這一番惡鬥多半兒會分裂共和黨。黨內精英和控製共和黨大有錢人是不論如何要製止淳樸的崛升,但黨內基層普通黨員不答應:
《全國廣播公司NBC》Poll: Trump Reaches 50 Percent Support Nationally for the First Time(指黨內)
基層的反叛將上層領導、精英們打了個措手不及,至今唯有解決良策。曆史上一黨連任三界總體的為數不多,不但百姓對奧巴馬厭倦了,共和黨更是恨之入骨,就得本黨上天機會極大,但目前這一希望算是泡湯了,大家基本不抱任何妄想了,連極右的科赫兄弟都出來防風說寧要克林頓也不要淳樸,可見大家對淳樸是恨之入骨了。共和黨為什麽如此顧忌淳樸?
《赫芬頓郵報》Charles Koch: Clinton Might Make Better President Than Republican Candidates
《沙龍》Charles Koch goes full Tyrion Lannister: His threat to back Hillary hints at the brothers’ devious game of thrones
像科赫兄弟那種的,主要是經濟因素。淳樸盡管是共和黨,但以給低層孤立無援的人爭權益謀福利為口號,難免要動有錢人的錢包了,這是科赫兄弟等所不能容忍的。而共和黨的黨魁們則為自己的和黨的利益勢力提心吊膽,據估計,一旦淳樸提名,共和黨及其可能失去參議院,那可是江山全無了。

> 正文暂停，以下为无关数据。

(* Let $(\Xi,d_\Xi)$ be a metric space, let $\{P^\nu\}_{\nu\in\mathbb{N}}$ be probabilities on $(\Xi,\mathcal{B}(\Xi))$ converging weakly to a probability $P$, and let $\{h^\nu\}_{\nu\in\mathbb{N}}$ be measurable $\overline{\mathbb{R}}$-valued functions on $\Xi$ such that $$\limsup_{K\to+\infty}\ \limsup_{\nu\to+\infty}\mathbb{E}^{P^\nu}\big[h^\nu(\xi)\,\mathbb{1}\{\xi:h^\nu(\xi)\ge K\}\big]=0.$$ Then $$\limsup_{\nu\to+\infty}\mathbb{E}^{P^\nu}\big[h^\nu(\xi)\big]\ \le\ \mathbb{E}^{P}\Big[\limsup_{(\nu,\zeta)\to(+\infty,\xi)}h^\nu(\zeta)\Big].$$
   Context: $\overline{\mathbb{R}}=\mathbb{R}\cup\{-\infty,+\infty\}$; weak convergence means $\int\varphi\,dP^\nu\to\int\varphi\,dP$ for all bounded continuous $\varphi$. For a probability $\mu$ and measurable $\overline{\mathbb{R}}$-valued $g$, $\mathbb{E}^\mu[g]:=\int g_+\,d\mu-\int g_-\,d\mu$ with $g_+=\max\{g,0\}$, $g_-=-\min\{g,0\}$ and conventions $+\infty-\alpha=+\infty$ for all $\alpha\in\overline{\mathbb{R}}$ and $\beta-(+\infty)=-\infty$ for $\beta\in\mathbb{R}$. $\mathbb{1}\{B\}$ is the indicator of $B$. $\limsup_{(\nu,\zeta)\to(+\infty,\xi)}h^\nu(\zeta):=\lim_{\delta\downarrow0}\lim_{N\to\infty}\sup\{h^\nu(\zeta):\nu\ge N,\ d_\Xi(\zeta,\xi)<\delta\}$. *)

From HB Require Import structures.
From mathcomp Require Import all_boot all_order all_algebra.
From mathcomp Require Import all_classical all_reals all_analysis.
From mathcomp Require Import measurable_realfun.
Set Implicit Arguments. Unset Strict Implicit. Unset Printing Implicit Defensive.
Import Order.TTheory GRing.Theory Num.Theory.
Local Open Scope classical_set_scope.
Local Open Scope ring_scope.

Definition is_metric (R : realType) (T : Type) (dist : T -> T -> R) : Prop :=
  [/\ forall x y, 0 <= dist x y,
      forall x y, dist x y = 0 <-> x = y,
      forall x y, dist x y = dist y x &
      forall x y z, dist x z <= dist x y + dist y z].

Definition dopen (R : realType) (T : Type) (dist : T -> T -> R) (A : set T) : Prop :=
  forall x, A x -> exists e : R, 0 < e /\ [set y | dist x y < e] `<=` A.

Definition borel_of_metric (R : realType) (d : measure_display)
  (T : measurableType d) (dist : T -> T -> R) : Prop :=
  @measurable d T = <<s [set A | dopen dist A] >>.

Definition dcontinuous (R : realType) (T : Type) (dist : T -> T -> R) (f : T -> R) : Prop :=
  forall x (e : R), 0 < e -> exists del : R, 0 < del /\
    forall y, dist x y < del -> `|f y - f x| < e.

Definition bounded_fun_R (R : realType) (T : Type) (f : T -> R) : Prop :=
  exists M : R, forall x, `|f x| <= M.

Definition weak_conv (R : realType) (d : measure_display) (T : measurableType d)
  (dist : T -> T -> R) (Pn : nat -> probability T R) (P : probability T R) : Prop :=
  forall f : T -> R, dcontinuous dist f -> bounded_fun_R f ->
    ((fun n => \int[Pn n]_x (f x)%:E) @ \oo --> \int[P]_x (f x)%:E)%E.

這正是為何共和黨寧願違背民意,造成黨內分裂也要跟淳樸決戰到底的原因。
隻是好戲就要收場了。
今晚歇歇,喝杯酒,來點兒豬耳朵,慢慢細嚼,享受享受。
【後記附錄】
《華爾街日報》
Map Shrinks for Donald Trump’s Foes
Ted Cruz and John Kasich pin their fading hopes on Indiana’s Republican presidential primary next week
ROCKVILLE, Md.—Donald Trump is poised to sweep five states’ Republican primaries on the Eastern Seaboard on Tuesday, but his rivals are already looking ahead to next week’s contest in Indiana, which may be their last chance to keep Mr. Trump from clinching the party’s presidential nomination.
Polls have shown Mr. Trump leading in Indiana, which votes on May 3. But Sen. Ted Cruz now might have a better shot at beating Mr. Trump in the state, which has 57 delegates, because the Texas senator struck a deal on Sunday with John Kasich that calls for the Ohio governor not to compete in the Hoosier state.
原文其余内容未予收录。